Description of the task: Two lines in the data below mark the range: the one with "Proof. by rewrite -(scale0r (0 : V)) bilinZr" and the one with "elim: n U => // n IHn U codimU UP.". Return both, along with every line between them, exactly.

[The input — start]

(* Let $L$ be a finite dimensional simple Lie algebra over $\mathbb{C}$ and let $f:L\times L\to L$ be a biderivation of $L$. Then there are two linear maps $\phi,\psi:L\to L$ such that $f(x,y)=[\phi(x),y]=[x,\psi(y)]$ for all $x,y\in L$.
   Context: A biderivation of a Lie algebra $L$ is a bilinear map $f:L\times L\to L$ such that $f([x,y],z)=[x,f(y,z)]+[f(x,z),y]$ and $f(x,[y,z])=[f(x,y),z]+[y,f(x,z)]$ for all $x,y,z\in L$. *)

From HB Require Import structures.
From mathcomp Require Import all_boot all_order all_algebra.
From mathcomp Require Import complex reals.
Set Implicit Arguments. Unset Strict Implicit. Unset Printing Implicit Defensive.
Import Order.TTheory GRing.Theory Num.Theory.
Local Open Scope ring_scope.

Section Lie.
Variables (K : fieldType) (V : vectType K).

Definition bilinear_map (f : V -> V -> V) : Prop :=
  (forall y, linear (fun x => f x y)) /\ (forall x, linear (f x)).

Definition lie_bracket (br : V -> V -> V) : Prop :=
  [/\ bilinear_map br,
      (forall x, br x x = 0) &
      (forall x y z, br x (br y z) + br y (br z x) + br z (br x y) = 0)].

Definition lie_ideal (br : V -> V -> V) (I : {vspace V}) : Prop :=
  forall x y, y \in I -> br x y \in I.

Definition simple_lie (br : V -> V -> V) : Prop :=
  lie_bracket br /\
  (exists x y, br x y != 0) /\
  (forall I : {vspace V}, lie_ideal br I -> I = 0%VS \/ I = fullv).

Definition biderivation (br : V -> V -> V) (f : V -> V -> V) : Prop :=
  [/\ bilinear_map f,
      (forall x y z, f (br x y) z = br x (f y z) + br (f x z) y) &
      (forall x y z, f x (br y z) = br (f x y) z + br y (f x z))].
End Lie.

From HB Require Import structures.
From mathcomp Require Import all_boot all_order all_algebra.
From mathcomp Require Import complex reals.
From mathcomp Require Import ring zify.
From Stdlib Require Import ClassicalEpsilon.
Set Implicit Arguments. Unset Strict Implicit. Unset Printing Implicit Defensive.
Import GRing.Theory Num.Theory.
Local Open Scope ring_scope.

(* Write 2f = g + s with g(x,y) = f(x,y) - f(y,x) skew-symmetric and
   s(x,y) = f(x,y) + f(y,x) symmetric; both are again biderivations.
   Skew part (after Brešar and Zhao): expanding g([x,u],[y,v]) in two ways
   gives [g(x,y),[u,v]] = [[x,y],g(u,v)].  As L is simple, hence perfect and
   centerless, this defines a linear map γ by [γ z,[u,v]] = [z,g(u,v)], with
   γ[x,y] = g(x,y) and γ[a,z] = [a,γ z].  An eigenspace of γ is then a nonzero
   ideal, so γ is a scalar λ and g = λ[·,·].
   Symmetric part: every s(x,z) lies in the ideal of those z such that
   [[z,y],[u,v]] + [[z,u],[v,y]] + [[z,v],[y,u]] = 0 for all y, u, v.  This
   ideal is not L, for otherwise [L,L] would be abelian while L = [L,L] is
   not; hence it is 0 and s = 0.  So f = (λ/2)[·,·]. *)

Section Bilinear.
Variables (K : fieldType) (V : vectType K) (B : V -> V -> V).
Hypothesis bilinB : bilinear_map B.

Lemma bilinDl x y z : B (x + y) z = B x z + B y z.
Proof. exact: (GRing.semilinear_linear (bilinB.1 z)).2. Qed.

Lemma bilinDr x y z : B z (x + y) = B z x + B z y.
Proof. exact: (GRing.semilinear_linear (bilinB.2 z)).2. Qed.

Lemma bilinZl k x z : B (k *: x) z = k *: B x z.
Proof. exact: (GRing.scalable_linear (bilinB.1 z) k x). Qed.

Lemma bilinZr k x z : B z (k *: x) = k *: B z x.
Proof. exact: (GRing.scalable_linear (bilinB.2 z) k x). Qed.

Lemma bilinBl x y z : B (x - y) z = B x z - B y z.
Proof. exact: (GRing.zmod_morphism_linear (bilinB.1 z) x y). Qed.

Lemma bilinBr x y z : B z (x - y) = B z x - B z y.
Proof. exact: (GRing.zmod_morphism_linear (bilinB.2 z) x y). Qed.

Lemma bilin0l z : B 0 z = 0.
Proof. by rewrite -(scale0r (0 : V)) bilinZl !scale0r. Qed.

Lemma bilin0r z : B z 0 = 0.
Proof. by rewrite -(scale0r (0 : V)) bilinZr !scale0r. Qed.

Lemma bilinNl x z : B (- x) z = - B x z.
Proof. by rewrite -sub0r bilinBl bilin0l sub0r. Qed.

Lemma bilinNr x z : B z (- x) = - B z x.
Proof. by rewrite -sub0r bilinBr bilin0r sub0r. Qed.

End Bilinear.

Section LinearAlgebra.
Variables (K : fieldType) (U W : lmodType K) (f g : U -> W).

Lemma linear_add : linear f -> linear g -> linear (fun x => f x + g x).
Proof. by move=> lin_f lin_g k x y; rewrite lin_f lin_g scalerDr addrACA. Qed.

Lemma linear_opp : linear f -> linear (fun x => - f x).
Proof. by move=> lin_f k x y; rewrite lin_f opprD scalerN. Qed.

End LinearAlgebra.

Lemma vspace_of_pred (K : fieldType) (V : vectType K) (P : V -> Prop) :
  P 0 -> (forall k x y, P x -> P y -> P (k *: x + y)) ->
  exists U : {vspace V}, forall z, z \in U <-> P z.
Proof.
move=> P0 P_lincomb.
suff /(_ 0%VS) : forall U : {vspace V}, (forall u, u \in U -> P u) ->
    exists U' : {vspace V}, forall z, z \in U' <-> P z.
  by apply=> u; rewrite memv0 => /eqP ->.
move=> U; have [n] := ubnP (\dim {:V} - \dim U).
elim: n U => // n IHn U codimU UP.
case: (classic (exists2 z, P z & z \notin U)) => [[z Pz zU] | noz]; last first.
  exists U => z; split=> [|Pz]; first exact: UP.
  by case: (boolP (z \in U)) => // zU; case: noz; exists z.
apply: (IHn (U + <[z]>)%VS) => [|w /memv_addP [u uU [t /vlineP [k ->] ->]]].
  have: (\dim U < \dim (U + <[z]>))%N.
    rewrite (ltn_leqif (dimv_leqif_eq (addvSl U <[z]>))).
    by apply: contra zU => /eqP ->; apply: subvP (addvSr U _) _ (memv_line z).
  have := dimvS (subvf (U + <[z]>)%VS); lia.
by rewrite addrC; apply: P_lincomb => //; apply: UP.
Qed.

Lemma lfun_eigenvector (K : closedFieldType) (V : vectType K) (phi : 'End(V)) :
  (0 < \dim {:V})%N -> exists a v, v != 0 /\ phi v = a *: v.
Proof.
move=> dimV; pose e := vbasis {:V}; pose A := passmx.mxof e e phi.
have /closed_rootP [a] : size (char_poly A) != 1%N by rewrite size_char_poly -lt0n.
rewrite -eigenvalue_root_char => /eigenvalueP [u uA u_neq0].
exists a, (passmx.vecof e u); split; first by rewrite passmx.vecof_eq0 // vbasisP.
rewrite (passmx.hom_vecof _ (vbasisP _)) uA.
exact: (GRing.scalable_linear (passmx.vecof_linear e)).
Qed.

Lemma eq0_coord (K : fieldType) (V : vectType K) (v : V) :
  (forall i, coord (vbasis fullv) i v = 0) -> v = 0.
Proof.
move=> v_coord0; rewrite (coord_vbasis (memvf v)).
by apply: big1 => i _; rewrite v_coord0 scale0r.
Qed.

Lemma eq0_lincomb (K : fieldType) (V : vectType K) (k : K) (a b v : V) :
  a = b -> v - k *: (a - b) = 0 -> v = 0.
Proof. by move=> ->; rewrite subrr scaler0 subr0. Qed.
Arguments eq0_lincomb {K V} k {a b v}.

(* Most identities below are proved by certificates: starting from the goal
   [lhs - rhs = 0], each [apply: (eq0_lincomb k e)] subtracts [k] times the
   known identity [e]; the remainder vanishes after bilinear expansion,
   which [coord_ring] checks coordinatewise with [ring]. *)
Ltac coord_ring :=
  apply: eq0_coord => ?; rewrite ?(linearD, linearN, linearZ, linear0, linearB) /=; ring.
Ltac bilin_ring B :=
  cbv beta; rewrite ?(bilinDl B, bilinDr B, bilinNl B, bilinNr B,
                      bilinZl B, bilinZr B, bilin0l B, bilin0r B); coord_ring.

Section LieAlgebra.
Variables (K : fieldType) (L : vectType K) (br : L -> L -> L).
Hypothesis lieL : lie_bracket br.
Hypothesis two_neq0 : (2%:R : K) != 0.

Let bilin_br : bilinear_map br. Proof. by case: lieL. Qed.

Lemma brxx x : br x x = 0. Proof. by case: lieL. Qed.

Lemma brC x y : br x y = - br y x.
Proof.
apply/eqP; rewrite -addr_eq0; apply/eqP.
have := brxx (x + y).
by rewrite (bilinDl bilin_br) !(bilinDr bilin_br) !brxx add0r addr0.
Qed.

Lemma br_leibniz a b c : br a (br b c) = br (br a b) c + br b (br a c).
Proof.
have [_ _ jacobi] := lieL.
apply: subr0_eq; apply: (eq0_lincomb 1 (jacobi a b c)).
apply: (eq0_lincomb (-1) (brC c (br a b))).
apply: (eq0_lincomb (-1) (congr1 (br b) (brC c a))).
bilin_ring bilin_br.
Qed.

Lemma jacobi_cyclic a u v : br (br a u) v + br (br u v) a + br (br v a) u = 0.
Proof.
have [_ _ jacobi] := lieL.
by rewrite (brC (br a u)) (brC (br u v)) (brC (br v a)) -!opprD jacobi oppr0.
Qed.

Definition cyclic_null z := forall y u v,
  br (br z y) (br u v) + br (br z u) (br v y) + br (br z v) (br y u) = 0.

Lemma cyclic_null_lincomb k x y :
  cyclic_null x -> cyclic_null y -> cyclic_null (k *: x + y).
Proof.
move=> null_x null_y t u v; apply: subr0_eq.
apply: (eq0_lincomb k (null_x t u v)); apply: (eq0_lincomb 1 (null_y t u v)).
bilin_ring bilin_br.
Qed.

Lemma cyclic_null_br a z : cyclic_null z -> cyclic_null (br a z).
Proof.
move=> null_z y u v; apply: subr0_eq.
apply: (eq0_lincomb (-1) (congr1 (br^~ (br v y)) (br_leibniz a z u))).
apply: (eq0_lincomb (-1) (congr1 (br^~ (br u v)) (br_leibniz a z y))).
apply: (eq0_lincomb (-1) (congr1 (br (br z v)) (br_leibniz a y u))).
apply: (eq0_lincomb (-1) (congr1 (br (br z y)) (br_leibniz a u v))).
apply: (eq0_lincomb 1 (congr1 (br a) (null_z y u v))).
apply: (eq0_lincomb (-1) (br_leibniz a (br z v) (br y u))).
apply: (eq0_lincomb (-1) (br_leibniz a (br z y) (br u v))).
apply: (eq0_lincomb (-1) (congr1 (br (br z u)) (br_leibniz a v y))).
apply: (eq0_lincomb (-1) (null_z (br a y) u v)).
apply: (eq0_lincomb (-1) (br_leibniz a (br z u) (br v y))).
apply: (eq0_lincomb (-1) (null_z (br a u) v y)).
apply: (eq0_lincomb (-1) (null_z (br a v) y u)).
apply: (eq0_lincomb (-1) (congr1 (br^~ (br y u)) (br_leibniz a z v))).
bilin_ring bilin_br.
Qed.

[The input — finish]

Solution:
Proof. by rewrite -(scale0r (0 : V)) bilinZr !scale0r. Qed.

Lemma bilinNl x z : B (- x) z = - B x z.
Proof. by rewrite -sub0r bilinBl bilin0l sub0r. Qed.

Lemma bilinNr x z : B z (- x) = - B z x.
Proof. by rewrite -sub0r bilinBr bilin0r sub0r. Qed.

End Bilinear.

Section LinearAlgebra.
Variables (K : fieldType) (U W : lmodType K) (f g : U -> W).

Lemma linear_add : linear f -> linear g -> linear (fun x => f x + g x).
Proof. by move=> lin_f lin_g k x y; rewrite lin_f lin_g scalerDr addrACA. Qed.

Lemma linear_opp : linear f -> linear (fun x => - f x).
Proof. by move=> lin_f k x y; rewrite lin_f opprD scalerN. Qed.

End LinearAlgebra.

Lemma vspace_of_pred (K : fieldType) (V : vectType K) (P : V -> Prop) :
  P 0 -> (forall k x y, P x -> P y -> P (k *: x + y)) ->
  exists U : {vspace V}, forall z, z \in U <-> P z.
Proof.
move=> P0 P_lincomb.
suff /(_ 0%VS) : forall U : {vspace V}, (forall u, u \in U -> P u) ->
    exists U' : {vspace V}, forall z, z \in U' <-> P z.
  by apply=> u; rewrite memv0 => /eqP ->.
move=> U; have [n] := ubnP (\dim {:V} - \dim U).
elim: n U => // n IHn U codimU UP.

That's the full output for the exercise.